▼▼▼

(* Let $m,n$ be positive integers. For all $\sigma\in\mathfrak S_{mn}$ and all partitions $\lambda$ with $\ell(\lambda)\le mn$, $l(\lambda;\sigma)\succeq l(\lambda;Id)$.
   Context: $\lambda=(\lambda_1,\dots,\lambda_{mn})$ padded with zeros; $\mathbf u\succeq\mathbf v$ means $u_i\ge v_i$ for all $i$; $Id$ is the identity permutation. Variables $s_0,\dots,s_{m-1},t_1,\dots,t_{n-2}$; $T=t_1\cdots t_{n-2}$; $x_i=s_1\cdots s_iT^i$ ($1\le i\le m-1$), $y_j=s_0s_1\cdots s_{m-1}T^{m-1}t_1\cdots t_{j-1}$ ($1\le j\le n-1$); $e(M)\in\mathbb Z^{m+n-2}$ is the exponent vector of a monomial $M$ (coordinates $s_0,\dots,s_{m-1},t_1,\dots,t_{n-2}$). Let $(z_1,\dots,z_{mn})=(1,x_1,\dots,x_{m-1},y_1,\dots,y_{n-1},x_1y_1,\dots,x_1y_{n-1},x_2y_1,\dots,x_{m-1}y_{n-1})$ and, for $\sigma\in\mathfrak S_{mn}$, $l(\lambda;\sigma)=e\big(\prod_{i=1}^{mn}z_i^{\lambda_{\sigma(i)}+mn-\sigma(i)}\big)$ (the concatenation of the paper's $l_s(\lambda;\sigma)$ and $l_t(\lambda;\sigma)$). *)

From mathcomp Require Import all_boot all_fingroup.
Unset Printing Implicit Defensive.

(* Monomials in s_0..s_{m-1}, t_1..t_{n-2} are represented by their exponent
   vectors, as functions nat -> nat: coordinate c < m is the exponent of s_c,
   coordinate m + k - 1 (1 <= k <= n-2) is the exponent of t_k. *)
Definition mon := nat -> nat.
Definition mone : mon := fun _ => 0.
Definition mmul (f g : mon) : mon := fun c => f c + g c.
Definition mexp (f : mon) (e : nat) : mon := fun c => f c * e.
Definition mprod (s : seq mon) : mon := foldr mmul mone s.

Definition svar (a : nat) : mon := fun c => nat_of_bool (c == a).
Definition tvar (m k : nat) : mon := fun c => nat_of_bool (c == m + k.-1).

Definition Tmon (m n : nat) : mon := mprod [seq tvar m k | k <- iota 1 n.-2].
Definition xmon (m n i : nat) : mon :=
  mmul (mprod [seq svar a | a <- iota 1 i]) (mexp (Tmon m n) i).
Definition ymon (m n j : nat) : mon :=
  mmul (mprod [seq svar a | a <- iota 0 m])
       (mmul (mexp (Tmon m n) m.-1) (mprod [seq tvar m k | k <- iota 1 j.-1])).

Definition zseq (m n : nat) : seq mon :=
  mone :: [seq xmon m n i | i <- iota 1 m.-1]
       ++ [seq ymon m n j | j <- iota 1 n.-1]
       ++ flatten [seq [seq mmul (xmon m n i) (ymon m n j) | j <- iota 1 n.-1]
                  | i <- iota 1 m.-1].

(* A partition: nonincreasing sequence of positive integers; lambda_i (1-based)
   is nth 0 lam (i-1), i.e. padded with zeros. *)
Definition is_partition (lam : seq nat) : bool :=
  sorted geq lam && all (fun x => 0 < x) lam.

(* l(lambda; sigma) = e( prod_{i=1}^{mn} z_i^{lambda_{sigma(i)} + mn - sigma(i)} ),
   with 0-based index q = i - 1, so sigma(i) (1-based) = (sigma q).+1. *)
Definition lvec (m n : nat) (lam : seq nat) (sigma : 'S_(m * n)) : mon :=
  mprod [seq mexp (nth mone (zseq m n) q)
                  (nth 0 lam (sigma q) + (m * n - (sigma q).+1))
        | q : 'I_(m * n) <- enum 'I_(m * n)].

Definition exp_ge (m n : nat) (u v : mon) : Prop :=
  forall c, c < m + n.-2 -> v c <= u c.

(* In each coordinate c, the exponent (z_q)_c is nondecreasing in q (read off
   from explicit formulas for the coordinates of x_i and y_j), while the power
   lambda_k + mn - k - 1 is nonincreasing in k.  Coordinate c of l(lambda; sigma)
   is therefore sum_q w_q a_(sigma q) with w nondecreasing and a nonincreasing,
   and by the rearrangement inequality the identity minimises this sum.  The
   rearrangement inequality is proved level by level: a = sum_t [t < a], each
   level set {q | t < a q} is an initial segment, and on an initial segment a
   nondecreasing weight has the least sum among all sets of the same size. *)

From mathcomp Require Import all_boot all_fingroup zify.

Section Rearrangement.

Variable N : nat.
Implicit Types (w : 'I_N -> nat) (s : 'S_N).

Lemma leq_sum_downset w (B A : {set 'I_N}) :
  {homo w : i j / i <= j} ->
  (forall i j : 'I_N, i <= j -> j \in B -> i \in B) ->
  #|B| <= #|A| -> \sum_(q in B) w q <= \sum_(q in A) w q.
Proof.
move=> w_homo B_down leBA.
rewrite (big_setID A) [leqRHS](big_setID B) /= setIC leq_add2l.
have leD : #|B :\: A| <= #|A :\: B|.
  by rewrite -(leq_add2l #|B :&: A|) cardsID setIC cardsID.
have sepD i j : i \in B :\: A -> j \in A :\: B -> w i <= w j.
  rewrite !inE => /andP[_ Bi] /andP[Bj _]; apply: w_homo.
  by rewrite leqNgt; apply: contra Bj => /ltnW /B_down; apply.
set v := \max_(q in B :\: A) w q.
apply: (@leq_trans (#|B :\: A| * v)).
  by rewrite -sum_nat_const; apply: leq_sum => q Dq; apply: leq_bigmax_cond.
apply: (leq_trans (leq_mul leD (leqnn v))).
rewrite -sum_nat_const; apply: leq_sum => j Dj.
by apply/bigmax_leqP => i Di; apply: sepD.
Qed.

Lemma sum_mul_layers w (f : 'I_N -> nat) K : (forall q, f q <= K) ->
  \sum_q w q * f q = \sum_(t < K) \sum_(q in [set q | t < f q]) w q.
Proof.
move=> f_le; under [RHS]eq_bigr => t _ do rewrite big_mkcond.
rewrite [RHS]exchange_big /=; apply: eq_bigr => q _.
have count_ltn x : \sum_(t < K) (t < x) = minn x K.
  by elim: K {f_le} => [|K IH]; rewrite ?big_ord0 ?big_ord_recr /= ?IH; lia.
rewrite -[in LHS](minn_idPl (f_le q)) -count_ltn big_distrr /=.
by apply: eq_bigr => t _; rewrite inE; case: (t < f q); rewrite ?muln1 ?muln0.
Qed.

Lemma rearrangement_leq w (a : 'I_N -> nat) s :
  {homo w : i j / i <= j} -> {homo a : i j /~ i <= j} ->
  \sum_q w q * a q <= \sum_q w q * a (s q).
Proof.
move=> w_homo a_homo; set K := \max_q a q.
have a_le q : a q <= K by apply: leq_bigmax.
rewrite !(sum_mul_layers w _ K) //; apply: leq_sum => t _.
apply: leq_sum_downset => // [i j le_ij|].
  by rewrite !inE => /leq_trans; apply; apply: a_homo.
have -> : [set q | t < a (s q)] = s @^-1: [set q | t < a q].
  by apply/setP => q; rewrite !inE.
by rewrite card_preimset //; apply: perm_inj.
Qed.

End Rearrangement.

Lemma pairwise_leq_map_iota (f : nat -> nat) a k :
  (forall i j, a <= i < j -> j < a + k -> f i <= f j) ->
  pairwise leq [seq f i | i <- iota a k].
Proof.
move=> f_homo; rewrite pairwise_map.
apply: (@sub_in_pairwise _ (mem (iota a k)) ltn); last 2 first.
- exact: allss.
- by rewrite -sorted_pairwise ?iota_ltn_sorted //; apply: ltn_trans.
by move=> i j; rewrite !mem_iota => /andP[ai _] /andP[_ jk] ij; apply: f_homo; lia.
Qed.

Lemma pairwise_leq_allpairs_iota (F : nat -> nat -> nat) a k b l :
  (forall i i' j j', a <= i -> i' < a + k -> b <= j < b + l -> b <= j' < b + l ->
     (i < i') || (i == i') && (j < j') -> F i j <= F i' j') ->
  pairwise leq [seq F i j | i <- iota a k, j <- iota b l].
Proof.
elim: k a => [|k IH] a F_homo //=.
rewrite pairwise_cat; apply/and3P; split.
- apply/allrelP => _ _ /mapP[j jl ->] /allpairsP[[i' j'] /= [i'k j'l ->]].
  by move: jl i'k j'l; rewrite !mem_iota => *; apply: F_homo; lia.
- by apply: pairwise_leq_map_iota => j j' *; apply: F_homo; lia.
- by apply: IH => i i' j j' *; apply: F_homo; lia.
Qed.

Lemma pairwise_leq_zshape (X Y : nat -> nat) p q :
  (forall i i', 0 < i < i' -> i' <= p -> X i <= X i') ->
  (forall j j', 0 < j < j' -> j' <= q -> Y j <= Y j') ->
  (forall i j, 0 < i <= p -> 0 < j <= q -> X i <= Y j) ->
  (forall i j j', 0 < i <= p -> 0 < j <= q -> 0 < j' <= q -> Y j <= X i + Y j') ->
  (forall i i' j j', 0 < i < i' -> i' <= p -> 0 < j <= q -> 0 < j' <= q ->
     X i + Y j <= X i' + Y j') ->
  pairwise leq (0 :: [seq X i | i <- iota 1 p] ++ [seq Y j | j <- iota 1 q]
                  ++ [seq X i + Y j | i <- iota 1 p, j <- iota 1 q]).
Proof.
move=> X_homo Y_homo le_XY le_Y_XY le_XY_lex.
rewrite pairwise_cons !pairwise_cat allrel_catr.
repeat (apply/andP; split).
- by apply/allP.
- apply/allrelP => _ _ /mapP[i + ->] /mapP[j + ->].
  by rewrite !mem_iota => *; apply: le_XY; lia.
- apply/allrelP => _ _ /mapP[i + ->] /allpairsP[[i' j] /= [+ + ->]].
  rewrite !mem_iota => *; apply: leq_trans (leq_addl (X i') _).
  by apply: le_XY; lia.
- by apply: pairwise_leq_map_iota => *; apply: X_homo; lia.
- apply/allrelP => _ _ /mapP[j + ->] /allpairsP[[i j'] /= [+ + ->]].
  by rewrite !mem_iota => *; apply: le_Y_XY; lia.
- by apply: pairwise_leq_map_iota => *; apply: Y_homo; lia.
- apply: pairwise_leq_allpairs_iota => i i' j j' *.
  have [lt_ii'|le_i'i] := ltnP i i'; first by apply: le_XY_lex; lia.
  have -> : i' = i by lia.
  by rewrite leq_add2l; apply: Y_homo; lia.
Qed.

Lemma mprod_coord (l : seq mon) c : mprod l c = \sum_(f <- l) f c.
Proof. by elim: l => [|f l IH]; rewrite ?big_nil ?big_cons //= /mmul IH. Qed.

Lemma mprod_svar_iota a k c :
  mprod [seq svar i | i <- iota a k] c = (a <= c < a + k).
Proof. by elim: k a => [|k IH] a /=; rewrite ?/mmul ?IH /mone /svar; lia. Qed.

Lemma mprod_tvar_iota m a k c :
  mprod [seq tvar m i | i <- iota a.+1 k] c = (m + a <= c < m + a + k).
Proof. by elim: k a => [|k IH] a /=; rewrite ?/mmul ?IH /mone /tvar /=; lia. Qed.

Lemma xmon_coord m n i c :
  xmon m n i c = (0 < c <= i) + (m <= c < m + n.-2) * i.
Proof. by rewrite /xmon /mmul /mexp mprod_svar_iota /Tmon mprod_tvar_iota; lia. Qed.

Lemma ymon_coord m n j c :
  ymon m n j c = (c < m) + (m <= c < m + n.-2) * m.-1 + (m <= c < m + j.-1).
Proof.
by rewrite /ymon /mmul /mexp mprod_svar_iota /Tmon !(mprod_tvar_iota m 0); lia.
Qed.

Lemma zseq_coord m n c : [seq f c | f <- zseq m n] =
  0 :: [seq xmon m n i c | i <- iota 1 m.-1] ++ [seq ymon m n j c | j <- iota 1 n.-1]
    ++ [seq xmon m n i c + ymon m n j c | i <- iota 1 m.-1, j <- iota 1 n.-1].
Proof.
rewrite /zseq /= !map_cat map_flatten -!map_comp; congr (_ :: _ ++ _ ++ flatten _).
by apply: eq_map => i /=; rewrite -map_comp.
Qed.

Lemma zseq_coord_pairwise m n c : pairwise leq [seq f c | f <- zseq m n].
Proof.
by rewrite zseq_coord; apply: pairwise_leq_zshape => *;
  rewrite ?xmon_coord ?ymon_coord; lia.
Qed.

Lemma size_zseq m n : 0 < m -> 0 < n -> size (zseq m n) = m * n.
Proof.
move=> m_gt0 n_gt0.
by rewrite /zseq /= !size_cat !size_map size_allpairs !size_iota; nia.
Qed.

Lemma nth_zseq_coord_homo m n c i j : i <= j -> j < size (zseq m n) ->
  nth mone (zseq m n) i c <= nth mone (zseq m n) j c.
Proof.
move=> le_ij j_lt; have i_lt := leq_ltn_trans le_ij j_lt.
rewrite -!(nth_map mone 0 (fun f => f c)) //.
have := zseq_coord_pairwise m n c; rewrite -sorted_pairwise; last exact: leq_trans.
by move/(sorted_leq_nth leq_trans leqnn 0); apply; rewrite ?inE ?size_map.
Qed.

Lemma nth_sorted_geq (s : seq nat) i j : sorted geq s -> i <= j ->
  nth 0 s j <= nth 0 s i.
Proof.
move=> s_sorted le_ij; have [j_lt|j_ge] := ltnP j (size s); last by rewrite nth_default.
have geq_trans : transitive geq by move=> x y z /= le_xy le_zx; apply: leq_trans le_zx le_xy.
apply: (sorted_leq_nth geq_trans leqnn 0 s_sorted) => //; rewrite inE //.
exact: leq_ltn_trans le_ij j_lt.
Qed.

Lemma lvec_coord m n lam s c : lvec m n lam s c =
  \sum_(q < m * n) nth mone (zseq m n) q c * (nth 0 lam (s q) + (m * n - (s q).+1)).
Proof. by rewrite /lvec mprod_coord big_map big_enum. Qed.

Theorem mainTheorem14 (m n : nat) (hm : 0 < m) (hn : 0 < n)
  (sigma : 'S_(m * n)) (lam : seq nat)
  (hlam : is_partition lam) (hlen : size lam <= m * n) :
  exp_ge m n (lvec m n lam sigma) (lvec m n lam 1%g).
Proof.
move=> c _; rewrite !lvec_coord; under eq_bigr do rewrite perm1.
case/andP: hlam => lam_sorted _.
apply: rearrangement_leq => i j le_ij.
  by apply: nth_zseq_coord_homo; rewrite ?size_zseq.
by apply: leq_add; [apply: nth_sorted_geq | apply: leq_sub2l].
Qed.
Lemma cyc_classM a b x y : x \in C a -> y \in C b -> x * y \in C (a + b).
Proof.
case/cyc_classP => n -> na /cyc_classP[m -> mb].
by rewrite -exprD; apply: mem_cyc_class; rewrite -modnDm na mb modnDm.
Qed.

Lemma cyc_class_cover x : x != 0 -> exists a : 'I_e, x \in C a.
Proof.
move=> x_neq0; have xN : x ^+ N = 1.
  apply: (mulfI x_neq0); rewrite mulr1 -exprS prednK ?expf_card //.
  by apply/card_gt0P; exists 0.
have [i ->] := prim_rootP beta_prim xN.
by exists (Ordinal (ltn_pmod i e_gt0)); apply: mem_cyc_class; rewrite /= modn_mod.
Qed.

Lemma cyc_class_uniq a b x : x \in C a -> x \in C b -> (a = b %[mod e])%N.
Proof.
case/cyc_classP => n -> na /cyc_classP[m /eqP].
rewrite (eq_prim_root_expr beta_prim) => nm mb.
by rewrite -na -mb -(modn_dvdm n e_dvd) (eqP nm) (modn_dvdm m e_dvd).
Qed.

Lemma cyc_class_mulr a b c : c \in C b -> [set x * c | x in C a] = C (a + b).
Proof.
move=> cb; have c_neq0 := cyc_class_neq0 cb.
apply/setP => y; apply/imsetP/idP => [[x xa ->]|ya]; first exact: cyc_classM.
have /cyc_class_cover[k yk] : y / c != 0.
  by rewrite mulf_neq0 ?invr_eq0 ?(cyc_class_neq0 ya).
exists (y / c); last by rewrite divfK.
have /cyc_class_uniq/(_ ya) : y \in C (k + b) by rewrite -(divfK c_neq0 y) cyc_classM.
by move/eqP; rewrite eqn_modDr => /eqP ka; rewrite -cyc_class_mod -ka cyc_class_mod.
Qed.

Lemma sum_cyc_class (V : nmodType) (phi : F -> V) a :
  \sum_(x in C a) phi x = \sum_(j < f) phi (rep a j).
Proof. by rewrite big_imset //; apply: in2W; apply: cyc_class_rep_inj. Qed.

Lemma sum_cyc_class_mulr (V : nmodType) (phi : F -> V) a b c : c \in C b ->
  \sum_(x in C a) phi (x * c) = \sum_(y in C (a + b)) phi y.
Proof.
move=> cb; rewrite -(cyc_class_mulr a cb) [RHS]big_imset // => x1 x2 _ _.
by apply: mulIf; apply: cyc_class_neq0 cb.
Qed.

Lemma sum_cyc_class_indicator (R : pzSemiRingType) (G : nat -> R) x (a : 'I_e) :
  x \in C a ->
  \sum_(k < e) (x \in C k)%:R * G k = G a.
Proof.
move=> xa; rewrite (bigD1 a) //= xa mul1r big1 ?addr0 // => k ka.
have [xk|] := boolP (x \in C k); last by rewrite mul0r.
have := cyc_class_uniq xk xa; rewrite !modn_small // => /val_inj k_eq_a.
by rewrite k_eq_a eqxx in ka.
Qed.

Lemma eta_cyc_class l m a :
  eta l m e beta a = \sum_(x in C a) zeta l ^+ trnat l m x.
Proof. by rewrite sum_cyc_class. Qed.

Lemma Cyc_cyc_class a b :
  (Cyc e beta a b)%:R = \sum_(z in C a) (1 + z \in C b)%:R :> algC.
Proof.
rewrite /Cyc -sum1_card natr_sum big_mkcond /=.
transitivity (\sum_(v : 'I_f * 'I_f) ((1 + rep a v.1 == rep b v.2) : nat)%:R : algC).
  by apply: eq_bigr => v _; rewrite inE; case: eqP.
rewrite -(pair_bigA _ (fun v1 v2 : 'I_f => ((1 + rep a v1 == rep b v2) : nat)%:R)) sum_cyc_class.
apply: eq_bigr => v1 _; rewrite -sum_indicator_eq sum_cyc_class.
by apply: eq_bigr => v2 _; rewrite eq_sym.
Qed.

Lemma Dsgn_cyc_class a :
  (Dsgn e beta a)%:R = \sum_(z in C a) (1 + z == 0)%:R :> algC.
Proof.
under eq_bigr do rewrite addrC addr_eq0.
rewrite sum_indicator_eq; congr (nat_of_bool _)%:R.
by apply/existsP/imsetP => -[v]; [exists v => //; apply/eqP | move=> _ ->; exists v].
Qed.

Variables (p r : nat).
Hypotheses (p_pr : prime p) (r_gt0 : (0 < r)%N) (cardF : #|F| = (p ^ r)%N).

Let charF : p \in [pchar F] := card_finPcharP cardF p_pr.
Local Notation tr := (@trF F p r).
Local Notation trn := (@trnat F p r).

Lemma eqr_nat_modp a b : ((a%:R : F) == b%:R) = (a == b %[mod p])%N.
Proof.
wlog le_ba : a b / (b <= a)%N.
  by move=> W; case/orP: (leq_total b a) => /W //; rewrite eq_sym => ->; rewrite eq_sym.
by rewrite eqn_mod_dvd // (dvdn_pcharf charF) natrB // subr_eq0.
Qed.

Lemma Frobenius_fixed_natr (y : F) : y ^+ p = y -> [exists k : 'I_p, k%:R == y].
Proof.
move=> yp; apply: contraT => /existsPn no_k.
pose P : {poly F} := 'X^p - 'X.
have P_size : size P = p.+1.
  by rewrite size_polyDl ?size_polyXn // size_polyN size_polyX ltnS prime_gt1.
have P_neq0 : P != 0 by rewrite -size_poly_gt0 P_size.
have P_root z : z ^+ p = z -> root P z by move=> zp; rewrite rootE !hornerE zp subrr.
pose rs := y :: [seq k%:R | k : 'I_p].
have rs_roots : all (root P) rs.
  rewrite /= P_root //=; apply/allP => _ /mapP[k _ ->]; apply: P_root.
  by rewrite -(pFrobenius_autE charF) pFrobenius_aut_nat.
have rs_uniq : uniq rs.
  rewrite /= map_inj_uniq ?enum_uniq ?andbT.
    by apply/mapP => -[k _ /eqP]; rewrite eq_sym (negbTE (no_k k)).
  move=> k1 k2 /eqP; rewrite eqr_nat_modp !modn_small //.
  by move/eqP/val_inj.
have := max_poly_roots P_neq0 rs_roots rs_uniq.
by rewrite /= size_map size_enum_ord P_size ltnn.
Qed.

▲▲▲

■ **Exercise goal**: Above are the lines; repeat exactly the ones from the line containing "(forall i j, 0" down to the line containing "rewrite pairwise_cons !pairwise_cat", both inclusive.

■ **Output of the exercise**:
  (forall i j, 0 < i <= p -> 0 < j <= q -> X i <= Y j) ->
  (forall i j j', 0 < i <= p -> 0 < j <= q -> 0 < j' <= q -> Y j <= X i + Y j') ->
  (forall i i' j j', 0 < i < i' -> i' <= p -> 0 < j <= q -> 0 < j' <= q ->
     X i + Y j <= X i' + Y j') ->
  pairwise leq (0 :: [seq X i | i <- iota 1 p] ++ [seq Y j | j <- iota 1 q]
                  ++ [seq X i + Y j | i <- iota 1 p, j <- iota 1 q]).
Proof.
move=> X_homo Y_homo le_XY le_Y_XY le_XY_lex.
rewrite pairwise_cons !pairwise_cat allrel_catr.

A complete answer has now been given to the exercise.